→ PROBLEM DESCRIPTION: Return the data below in full. Keep each character unchanged.

Start of MATERIAL TO PROCESS

(* Let $\vec H$ be a fixed oriented graph whose underlying graph $H$ is bipartite, and suppose $\vec H$ is well-oriented with respect to the bipartition $V(H)=A(H)\sqcup B(H)$, i.e. every arc of $\vec H$ goes from $A(H)$ to $B(H)$. Let \[\Delta'(H)=\min\Big\{\max_{v\in A(H)}\deg_H(v),\ \max_{v\in B(H)}\deg_H(v)\Big\}.\] Then $\mathrm{ex}(n,\vec H)=O(n^{2-1/\Delta'(H)})$.
   Context: An oriented graph is a digraph in which each pair of vertices is joined by at most one arc. $\mathrm{ex}(n,\vec H)$ is the maximum number of arcs in an $n$-vertex oriented graph that does not contain $\vec H$ as a subgraph (respecting orientations). *)

From mathcomp Require Import all_boot.
From Stdlib Require Import Reals.
Set Implicit Arguments. Unset Strict Implicit. Unset Printing Implicit Defensive.

Definition oriented (T : finType) (G : rel T) : bool :=
  [forall x, ~~ G x x] && [forall x, forall y, ~~ (G x y && G y x)].

Definition narcs (T : finType) (G : rel T) : nat :=
  #|[set p : T * T | G p.1 p.2]|.

Definition contains (V T : finType) (G : rel T) (H : rel V) : bool :=
  [exists f : {ffun V -> T}, injectiveb f &&
     [forall u, forall v, H u v ==> G (f u) (f v)]].

Definition ex (V : finType) (H : rel V) (n : nat) : nat :=
  \max_(g : {ffun 'I_n * 'I_n -> bool} |
          oriented (fun x y => g (x, y)) && ~~ contains (fun x y => g (x, y)) H)
     narcs (fun x y => g (x, y)).

Definition udeg (V : finType) (H : rel V) (v : V) : nat :=
  #|[set w | H v w || H w v]|.

Definition Delta' (V : finType) (H : rel V) (A : {set V}) : nat :=
  minn (\max_(v in A) udeg H v) (\max_(v in ~: A) udeg H v).

(* Dependent random choice, done by double counting.  Say every vertex of
   B(H) has in-degree at most r (otherwise reverse all arcs), let h = 2|V(H)|
   and call an r-tuple sparse if its common out-neighbourhood has fewer than h
   vertices.  Summed over all r-tuples t, the common in-neighbourhoods N(t)
   have total size sum_x d+(x)^r, whereas the sparse r-tuples inside N(t)
   number at most n^r h^r in total.  So if sum_x d+(x)^r > (h + h^r) n^r, some
   N(t) is larger than h plus its number of sparse tuples; deleting one entry
   of each of them leaves a set U of more than h vertices without sparse
   tuples.  Embed A(H) into U and then, greedily, each vertex of B(H) into the
   common out-neighbourhood of the images of its in-neighbours.  By the power
   mean inequality, more than C n^(2 - 1/r) arcs force
   sum_x d+(x)^r > (h + h^r) n^r. *)

From mathcomp Require Import all_boot.
From Stdlib Require Import Reals Lra.
(* Reals rebinds [^] in nat_scope to Nat.pow; re-importing ssrnat (and not all_boot,
   which would take the %R key back from R_scope) restores expn. *)
From mathcomp Require Import ssrnat zify.
Set Implicit Arguments. Unset Strict Implicit. Unset Printing Implicit Defensive.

End of MATERIAL TO PROCESS

→ RESPONSE FOR THIS EXERCISE:
(* Let $\vec H$ be a fixed oriented graph whose underlying graph $H$ is bipartite, and suppose $\vec H$ is well-oriented with respect to the bipartition $V(H)=A(H)\sqcup B(H)$, i.e. every arc of $\vec H$ goes from $A(H)$ to $B(H)$. Let \[\Delta'(H)=\min\Big\{\max_{v\in A(H)}\deg_H(v),\ \max_{v\in B(H)}\deg_H(v)\Big\}.\] Then $\mathrm{ex}(n,\vec H)=O(n^{2-1/\Delta'(H)})$.
   Context: An oriented graph is a digraph in which each pair of vertices is joined by at most one arc. $\mathrm{ex}(n,\vec H)$ is the maximum number of arcs in an $n$-vertex oriented graph that does not contain $\vec H$ as a subgraph (respecting orientations). *)

From mathcomp Require Import all_boot.
From Stdlib Require Import Reals.
Set Implicit Arguments. Unset Strict Implicit. Unset Printing Implicit Defensive.

Definition oriented (T : finType) (G : rel T) : bool :=
  [forall x, ~~ G x x] && [forall x, forall y, ~~ (G x y && G y x)].

Definition narcs (T : finType) (G : rel T) : nat :=
  #|[set p : T * T | G p.1 p.2]|.

Definition contains (V T : finType) (G : rel T) (H : rel V) : bool :=
  [exists f : {ffun V -> T}, injectiveb f &&
     [forall u, forall v, H u v ==> G (f u) (f v)]].

Definition ex (V : finType) (H : rel V) (n : nat) : nat :=
  \max_(g : {ffun 'I_n * 'I_n -> bool} |
          oriented (fun x y => g (x, y)) && ~~ contains (fun x y => g (x, y)) H)
     narcs (fun x y => g (x, y)).

Definition udeg (V : finType) (H : rel V) (v : V) : nat :=
  #|[set w | H v w || H w v]|.

Definition Delta' (V : finType) (H : rel V) (A : {set V}) : nat :=
  minn (\max_(v in A) udeg H v) (\max_(v in ~: A) udeg H v).

(* Dependent random choice, done by double counting.  Say every vertex of
   B(H) has in-degree at most r (otherwise reverse all arcs), let h = 2|V(H)|
   and call an r-tuple sparse if its common out-neighbourhood has fewer than h
   vertices.  Summed over all r-tuples t, the common in-neighbourhoods N(t)
   have total size sum_x d+(x)^r, whereas the sparse r-tuples inside N(t)
   number at most n^r h^r in total.  So if sum_x d+(x)^r > (h + h^r) n^r, some
   N(t) is larger than h plus its number of sparse tuples; deleting one entry
   of each of them leaves a set U of more than h vertices without sparse
   tuples.  Embed A(H) into U and then, greedily, each vertex of B(H) into the
   common out-neighbourhood of the images of its in-neighbours.  By the power
   mean inequality, more than C n^(2 - 1/r) arcs force
   sum_x d+(x)^r > (h + h^r) n^r. *)

From mathcomp Require Import all_boot.
From Stdlib Require Import Reals Lra.
(* Reals rebinds [^] in nat_scope to Nat.pow; re-importing ssrnat (and not all_boot,
   which would take the %R key back from R_scope) restores expn. *)
From mathcomp Require Import ssrnat zify.
Set Implicit Arguments. Unset Strict Implicit. Unset Printing Implicit Defensive.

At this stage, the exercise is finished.